Monday, 6 September 2010

The Secret of Maths




The secret of maths is ziggurats, boats, rivers, souks, vats of dye, men on white horses galloping across sand, camels, moustaches, rain, dogs, and umbrellas.

OK, so I made up the last five. Those are definitely not the secret of maths. The secret of maths is the man on a white horse galloping across sand and the first five things. The man on the white horse is Marcus de Sautoy and the programme is The Story of Maths.

Unfortunately The Story of Maths is, as C put it, more travelogue than maths. I have absolutely no doubt about the qualification of Marcus de Sautoy to conduct us through the story of maths, but frankly, I am not getting much maths. I think I caught a few sentences about arabic numerals. I do believe he might have said something algebra and quadratic equations, in fact there might have been a whole five minutes on that before he got on to the problem of cubic numbers.

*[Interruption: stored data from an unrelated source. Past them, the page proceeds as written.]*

(* Let $\Phi:\ell^\infty(\mathbb Z)\to\ell^\infty(\mathbb Z)$ be a linear map commuting with the backward shift $B$, $(Bv)_n=v_{n+1}$. If $\Phi$ is weak*-continuous and idempotent ($\Phi\circ\Phi=\Phi$), then $\Phi$ is either the identity map or $0$.
   Context: The weak*-topology on $\ell^\infty(\mathbb Z)$ is the one coming from $\ell^\infty(\mathbb Z)=\ell^1(\mathbb Z)^*$. *)

From HB Require Import structures.
From mathcomp Require Import all_boot all_order all_algebra.
From mathcomp Require Import all_classical all_reals all_analysis.
Set Implicit Arguments. Unset Strict Implicit. Unset Printing Implicit Defensive.
Import Order.TTheory GRing.Theory Num.Theory.
Import numFieldNormedType.Exports.
Local Open Scope ring_scope.
Local Open Scope classical_set_scope.

Definition linf (R : realType) (v : int -> R) : Prop :=
  exists M : R, forall n : int, `|v n| <= M.

Definition l1 (R : realType) (a : int -> R) : Prop :=
  exists M : R, forall N : nat,
    \sum_(k < N) (`|a (k%:Z)| + `|a (- (k.+1)%:Z)|) <= M.

(* Partial sums over -N <= n < N (indices k and -(k+1)) of v_n a_n. *)
Definition pair_partial (R : realType) (v a : int -> R) (N : nat) : R :=
  \sum_(k < N) (v (k%:Z) * a (k%:Z) + v (- (k.+1)%:Z) * a (- (k.+1)%:Z)).

(* Duality pairing <v, a> = sum_{n in Z} v_n a_n (absolutely convergent when
   v in l^infty and a in l^1). *)
Definition dpair (R : realType) (v a : int -> R) : R :=
  limn (pair_partial v a).

(* Weak*-open subsets of l^infty(Z) = l^1(Z)^*: U is contained in l^infty and
   every point of U has a basic weak*-neighbourhood
   { w | |<w - v, a_i>| < e, i < k } (a_i in l^1, e > 0) contained in U. *)
Definition wstar_open (R : realType) (U : set (int -> R)) : Prop :=
  U `<=` linf (R:=R) /\
  forall v, U v ->
    exists (k : nat) (A : 'I_k -> (int -> R)) (e : R),
      0 < e /\ (forall i, l1 (A i)) /\
      forall w, linf w ->
        (forall i, `|dpair (fun n => w n - v n) (A i)| < e) -> U w.

(* Phi : l^infty -> l^infty (given as a function defined on all sequences,
   only its values on l^infty matter) is weak*-continuous: preimages (in
   l^infty) of weak*-open sets are weak*-open. *)
Definition wstar_continuous (R : realType) (Phi : (int -> R) -> (int -> R))
  : Prop :=
  forall U, wstar_open U -> wstar_open (fun v => linf v /\ U (Phi v)).

Definition bshift (R : realType) (v : int -> R) : int -> R :=
  fun n => v (n + 1).

(* Shift-equivariance makes, for 0 < t < pi, the plane spanned by n |-> cos (n t)
   and n |-> sin (n t) invariant under Phi, which acts on it as multiplication by
   a complex number a + i b; idempotence forces a + i b to be 0 or 1.  On bounded
   sets, weak*-convergence is implied by uniform closeness on a finite window of
   coordinates, so this eigenvalue is locally constant in t, hence a constant s.
   Averaging cos ((n - m) t) over the nodes t = (2j+1) pi / (2N), j < N, gives a
   bounded sequence equal to delta_m for |n - m| < 2N; by continuity every delta_m,
   and then (through its truncations) every bounded v, satisfies Phi v = s v. *)

From Pilot Require Import Defs.
From mathcomp Require Import all_boot all_order all_algebra.
From mathcomp Require Import all_classical all_reals all_analysis.
From mathcomp Require Import ring lra zify.
Set Implicit Arguments. Unset Strict Implicit. Unset Printing Implicit Defensive.
Import Order.TTheory GRing.Theory Num.Theory.
Import numFieldNormedType.Exports.
Local Open Scope ring_scope.
Local Open Scope classical_set_scope.

Definition window (K : nat) (n : int) : bool := - K%:Z <= n < K%:Z.

Lemma window_monotone (K K' : nat) (n : int) :
  (K <= K')%N -> window K n -> window K' n.
Proof. by rewrite /window => ? /andP[? ?]; apply/andP; split; lia. Qed.

Lemma window_succ K m : window K.+1 m -> [\/ window K m, m = K%:Z | m = - K.+1%:Z].
Proof.
rewrite /window => /andP[m1 m2].
case: (boolP (window K m)) => [|/nandP[]]; rewrite /window; first by constructor.
- by move=> mK; constructor 3; lia.
- by move=> mK; constructor 2; lia.
Qed.

Section Pairing.
Variable R : realType.
Implicit Types (a g x : int -> R).

Definition l1_term g (k : nat) : R := `|g k%:Z| + `|g (- k.+1%:Z)|.

Definition pair_term x a (k : nat) : R :=
  x k%:Z * a k%:Z + x (- k.+1%:Z) * a (- k.+1%:Z).

Lemma pair_partial_series x a : pair_partial x a = series (pair_term x a).
Proof. by apply/funext => N; rewrite /series /= big_mkord. Qed.

Lemma l1_tail g : l1 g -> forall e, 0 < e ->
  exists K : nat, forall N, \sum_(K <= k < N) l1_term g k <= e.
Proof.
move=> [L HL] e e0.
pose E := range (fun N => \sum_(0 <= k < N) l1_term g k).
have supE : has_sup E.
  split; first by exists 0; exists 0%N => //; rewrite big_geq.
  by exists L => _ [N _ <-]; rewrite big_mkord; exact: HL.
have [_ [K _ <-] HK] := sup_adherent e0 supE.
exists K => N; case: (leqP N K) => [NK | /ltnW KN]; first by rewrite big_geq ?ltW.
have : \sum_(0 <= k < N) l1_term g k <= sup E by apply: sup_upper_bound => //; exists N.
by rewrite (big_cat_nat (n:=K)) //=; lra.
Qed.

Lemma norm_dpair_le x a (B : R) :
  (forall N, \sum_(0 <= k < N) `|pair_term x a k| <= B) -> `|Defs.dpair x a| <= B.
Proof.
move=> HB.
have partial_le N : - B <= series (pair_term x a) N <= B.
  by rewrite -ler_norml; apply: le_trans (HB N); exact: ler_norm_sum.
have cv : cvgn (series (pair_term x a)).
  apply: normed_cvg; apply: nondecreasing_is_cvgn.
    by apply: (nondecreasing_series (P := xpredT)) => k _ _; exact: normr_ge0.
  by exists B => _ [N _ <-]; exact: HB.
rewrite /Defs.dpair pair_partial_series ler_norml; apply/andP; split.
- by apply: limr_ge => //; apply: nearW => N; have /andP[] := partial_le N.
- by apply: limr_le => //; apply: nearW => N; have /andP[] := partial_le N.
Qed.

Lemma norm_pair_term_le x a g (b : R) k :
  (forall m, `|a m| <= `|g m|) -> `|x k%:Z| <= b -> `|x (- k.+1%:Z)| <= b ->
  `|pair_term x a k| <= b * l1_term g k.
Proof.
move=> ag xk xk'; rewrite mulrDr; apply: le_trans (ler_normD _ _) _.
by rewrite !normrM; apply: lerD; apply: ler_pM.
Qed.

Lemma norm_dpair_window_le x a g K (eta M L t : R) :
  (forall N, \sum_(0 <= k < N) l1_term g k <= L) ->
  (forall N, \sum_(K <= k < N) l1_term g k <= t) ->
  (forall m, `|a m| <= `|g m|) -> 0 <= eta -> (forall m, `|x m| <= M) ->
  (forall m, window K m -> `|x m| <= eta) ->
  `|Defs.dpair x a| <= eta * L + M * t.
Proof.
move=> gL gt ag eta0 xM xK.
have M0 : 0 <= M := le_trans (normr_ge0 _) (xM 0).
have t0 : 0 <= t by apply: le_trans (gt K); rewrite big_geq.
have head_le N : (N <= K)%N -> \sum_(0 <= k < N) `|pair_term x a k| <= eta * L.
  move=> NK; apply: le_trans (ler_wpM2l eta0 (gL N)); rewrite mulr_sumr.
  apply: ler_sum_nat => k /andP[_ kN].
  by apply: norm_pair_term_le => //; apply: xK; rewrite /window; lia.
apply: norm_dpair_le => N; case: (leqP N K) => [NK | /ltnW KN].
  by rewrite -[X in X <= _]addr0 lerD ?head_le // mulr_ge0.
rewrite (big_cat_nat (n := K)) //= lerD ?head_le //.
apply: le_trans (ler_wpM2l M0 (gt N)); rewrite mulr_sumr.
by apply: ler_sum_nat => k _; apply: norm_pair_term_le.
Qed.

Lemma dpair_small_on_window g (e M : R) : l1 g -> 0 < e -> 0 <= M ->
  exists K eta, 0 < eta /\ forall x a, (forall m, `|a m| <= `|g m|) ->
    (forall m, `|x m| <= M) -> (forall m, window K m -> `|x m| <= eta) ->
    `|Defs.dpair x a| < e.
Proof.
move=> gl1 e0 M0; have [L gL] := gl1.
have {}gL N : \sum_(0 <= k < N) l1_term g k <= L by rewrite big_mkord; exact: gL.
have L0 : 0 <= L by apply: le_trans (gL 0%N); rewrite big_geq.
have t0 : 0 < e / (4 * (M + 1)) by rewrite divr_gt0 // mulr_gt0 //; lra.
have [K gt] := l1_tail gl1 t0.
exists K, (e / (4 * (L + 1))); split; first by rewrite divr_gt0 // mulr_gt0 //; lra.
move=> x a ag xM xK; apply: le_lt_trans (norm_dpair_window_le gL gt ag _ xM xK) _.
  by rewrite divr_ge0 ?mulr_ge0 //; lra.
have -> : e / (4 * (L + 1)) * L + M * (e / (4 * (M + 1)))
        = e / 4 * (L / (L + 1) + M / (M + 1)) by field; lra.
have : L / (L + 1) < 1 by rewrite ltr_pdivrMr; lra.
have : M / (M + 1) < 1 by rewrite ltr_pdivrMr; lra.
nra.
Qed.

Definition delta (n : int) : int -> R := fun m => (m == n)%:R.

Lemma pair_partial_delta x n N :
  pair_partial x (delta n) N = if window N n then x n else 0.
Proof.
elim: N => [|N IH]; first by rewrite /pair_partial big_ord0 /window; case: ifP => //; lia.
rewrite /pair_partial big_ord_recr /= -/(pair_partial _ _ _) IH /delta /window.
by case: ifP => h1; case: ifP => h2; case: eqVneq => h3; case: eqVneq => h4;
  first [exfalso; lia | subst; rewrite ?mulr1 ?mulr0 ?addr0 ?add0r].
Qed.

Lemma dpair_delta x n : Defs.dpair x (delta n) = x n.
Proof.
rewrite /Defs.dpair; apply: cvg_lim => //; apply: cvg_near_cst.
near=> N; rewrite pair_partial_delta ifT //.
have : (`|n|%N < N)%N by near: N; exact: nbhs_infty_gt.
by rewrite /window; lia.
Unshelve. all: by end_near.
Qed.

Lemma l1_delta n : l1 (delta n).
Proof.
exists 1 => N; have -> : \sum_(k < N) l1_term (delta n) k = pair_partial (fun=> 1) (delta n) N.
  by apply: eq_bigr => k _; rewrite /l1_term /delta !normr_nat !mul1r.
by rewrite pair_partial_delta; case: ifP.
Qed.

Lemma norm_delta_le1 n m : `|delta n m| <= 1.
Proof. by rewrite /delta normr_nat lern1 leq_b1. Qed.

Lemma linf_delta n : linf (delta n).
Proof. by exists 1; exact: norm_delta_le1. Qed.

Lemma l1_sum_norm k (A : 'I_k -> int -> R) :
  (forall i, l1 (A i)) -> l1 (fun m => \sum_(i < k) `|A i m|).
Proof.
move=> /fin_all_exists [L AL]; exists (\sum_(i < k) L i) => N.
under eq_bigr => j _ do rewrite !ger0_norm ?sumr_ge0 // -big_split.
by rewrite exchange_big /=; apply: ler_sum => i _; exact: AL.
Qed.
End Pairing.

Arguments delta {R} n m.

Lemma wstar_open_coord_ball (R : realType) (n : int) (c eps : R) :
  wstar_open (fun w => linf w /\ `|w n - c| < eps).
Proof.
split=> [w [] //|w0 [lw0 w0n]].
exists 1%N, (fun=> delta n), (eps - `|w0 n - c|); split; first by rewrite subr_gt0.
split=> [_|w lw /(_ ord0)]; first exact: l1_delta.
rewrite dpair_delta => wn; split => //.
by rewrite -(subrKA (w0 n)); apply: le_lt_trans (ler_normD _ _) _; lra.
Qed.

Section Continuity.
Variables (R : realType) (Phi : (int -> R) -> (int -> R)).
Hypothesis Hmaps : forall v, linf v -> linf (Phi v).
Hypothesis Hcont : wstar_continuous Phi.

Lemma Phi_coord_continuous v n (eps M : R) : linf v -> 0 < eps -> 0 <= M ->
  exists K eta, 0 < eta /\ forall w, linf w -> (forall m, `|w m - v m| <= M) ->
    (forall m, window K m -> `|w m - v m| <= eta) -> `|Phi w n - Phi v n| < eps.
Proof.
move=> lv eps0 M0.
have [_ /(_ v) []] := Hcont (wstar_open_coord_ball n (Phi v n) eps).
  by split=> //; split; [exact: Hmaps | rewrite subrr normr0].
move=> k [A [e [e0 [A1 HA]]]].
have Ag i m : `|A i m| <= `|\sum_(j < k) `|A j m| |.
  by rewrite [X in _ <= X]ger0_norm ?sumr_ge0 // (bigD1 i) //= lerDl sumr_ge0.
have [K [eta [eta0 small]]] := dpair_small_on_window (l1_sum_norm A1) e0 M0.
exists K, eta; split => // w lw wM wK.
by have [_ [_]] := HA w lw (fun i => small _ _ (Ag i) wM wK).
Qed.
End Continuity.

Lemma recurrence_eq0 (R : pzRingType) (x : int -> R) (c : R) :
  (forall n, x (n + 1) + x (n - 1) = c * x n) -> x 0 = 0 -> x 1 = 0 ->
  forall n, x n = 0.
Proof.
move=> rec x0 x1.
have up (k : nat) : x k%:Z = 0 /\ x (k%:Z + 1) = 0.
  elim: k => [|k [xk xk1]]; first by [].
  rewrite -addn1 PoszD; split => //.
  by have := rec (k%:Z + 1); rewrite addrK xk xk1 mulr0 addr0.
have down (k : nat) : x (- k%:Z) = 0 /\ x (- k%:Z + 1) = 0.
  elim: k => [|k [xk xk1]]; first by [].
  rewrite -addn1 PoszD opprD subrK; split => //.
  by have := rec (- k%:Z); rewrite xk xk1 mulr0 add0r.
by case=> k; [case: (up k) | rewrite NegzE; case: (down k.+1)].
Qed.

Section TrigSequences.
Variable R : realType.

Definition cosseq (t : R) : int -> R := fun n => cos (n%:~R * t).
Definition sinseq (t : R) : int -> R := fun n => sin (n%:~R * t).

Lemma cosseqD1 t n : cosseq t (n + 1) = cos t * cosseq t n - sin t * sinseq t n.
Proof. by rewrite /cosseq /sinseq intrD1 mulrDl mul1r cosD; ring. Qed.

Lemma sinseqD1 t n : sinseq t (n + 1) = sin t * cosseq t n + cos t * sinseq t n.
Proof. by rewrite /cosseq /sinseq intrD1 mulrDl mul1r sinD; ring. Qed.

Lemma cosseqB1 t n : cosseq t (n - 1) = cos t * cosseq t n + sin t * sinseq t n.
Proof. by rewrite /cosseq /sinseq intrB mulrBl mul1r cosB; ring. Qed.

Lemma sinseqB1 t n : sinseq t (n - 1) = cos t * sinseq t n - sin t * cosseq t n.
Proof. by rewrite /cosseq /sinseq intrB mulrBl mul1r sinB; ring. Qed.

Lemma cosseq0 t : cosseq t 0 = 1. Proof. by rewrite /cosseq mul0r cos0. Qed.
Lemma sinseq0 t : sinseq t 0 = 0. Proof. by rewrite /sinseq mul0r sin0. Qed.
Lemma cosseq1 t : cosseq t 1 = cos t. Proof. by rewrite /cosseq mul1r. Qed.
Lemma sinseq1 t : sinseq t 1 = sin t. Proof. by rewrite /sinseq mul1r. Qed.

Lemma linf_cosseq t : linf (cosseq t).
Proof. by exists 1 => n; exact: cos_max. Qed.

Lemma linf_sinseq t : linf (sinseq t).
Proof. by exists 1 => n; exact: sin_max. Qed.

Lemma cosseq_sinseq_free t (p q : R) : sin t != 0 ->
  (forall n, p * cosseq t n + q * sinseq t n = 0) -> p = 0 /\ q = 0.
Proof.
move=> st0 pq0; have := pq0 0; rewrite cosseq0 sinseq0 mulr1 mulr0 addr0 => p0.
have := pq0 1; rewrite p0 mul0r add0r sinseq1 => /eqP.
by rewrite mulf_eq0 (negbTE st0) orbF => /eqP.
Qed.
End TrigSequences.

Lemma idem_complex_real (R : realFieldType) (a b : R) :
  a * a - b * b = a -> 2 * a * b = b -> b = 0 /\ (a = 0 \/ a = 1).
Proof.
move=> re im; have b0 : b = 0.
  have /eqP : (2 * a - 1) * b = 0 by rewrite mulrBl im mul1r subrr.
  rewrite mulf_eq0 => /orP[/eqP a_half | /eqP //].
  have : b * b = - 1 / 4 by rewrite (_ : a = 1 / 2) in re; lra.
  by have := sqr_ge0 b; rewrite expr2; lra.
split => //; move: re; rewrite b0 mulr0 subr0 => /eqP.
by rewrite -subr_eq0 -[X in _ - X]mulr1 -mulrBr mulf_eq0 subr_eq0 => /orP[] /eqP; [left|right].
Qed.

Definition eigenvector (R : realType) (Phi : (int -> R) -> (int -> R)) (s : R)
  (v : int -> R) : Prop :=
  linf v /\ Phi v = (fun n => s * v n).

Of course the problem might be that I didn't see Episode One, in which there would have been an exhaustive explanation of everything. We must have got the maths there, right at the beginning, and the story with the pretty bits afterwards.

It was at this point I switched channels. He was about to go to another pretty place and say another exciting portentous thing of which I did not understand the portent. Inwardly I was turning into a stick-in-the-mud (non-picturesque mud), green-ink-writing backwoodsman-Tory. The BBC sends this, no doubt, gifted man all over the place in order to give me five minutes on algebra! If I had wanted to look at exotic landscapes I'd have bought a calendar not a TV licence! If I'd wanted to see a man on a white horse galloping across sand I'd have taken out a DVD of Lawrence of Arabia!

I have a faint memory of doing not only Maths, but, mirabile dictu, Additional Maths at O level. The additional maths teacher, Mr C, was an imposing figure who was probably just as good at imposing as teaching. He was probably good at both. His first act in our first class was to pick up the blackboard duster (it was a backward time the 1960s and we still had blackboards), examine it with a puzzled look on his face, then throw it full force against the wall. This puzzled us, especially when he picked the duster up and did it again. He repeated the action once more for full effect, then he took the register. I must have learned something, as I passed quite handsomely. He didn't have to do quadratic equations. They must have come a couple of years earlier. I could ride a quadratic equation in those days the way Marcus de Sautoy rides a horse.

What I really want the BBC to do is to bring back Mr C, if he's still alive, or if not they could have him acted by Deryck Guyler, except he's definitely dead - but why not bring him back all the same. This is not a cheap show and it can pay for the best resurrectionists.

The new Story of Maths would begin with Mr C throwing the blackboard duster against the wall. It could become a kind of leitmotif between themes. In between dusters he'd give you quadratic equations, a series of them perhaps, for an hour. One location only, upstairs in the science building with a view of the bike sheds. The very best bike sheds of course and the finest blackboards money can buy.



2 comments:

PHT said...

I have spent much more time than I should reading various pages of your website "discovered" today. I entered "understrappers" into Google and found your excellent explanation of this and myth-kitty within the article on a World Cup match, what a great random search! I am shortly facilitating a poetry workshop as part of Budleigh Salterton Lit Festival fringe and wanted to check out Larkin's meaning, just in case someone asks me about it! Thanks for the help, great writing too.

George S said...

Very late reply, JHT, but delighted to meet you here in these ochre and rain pastures.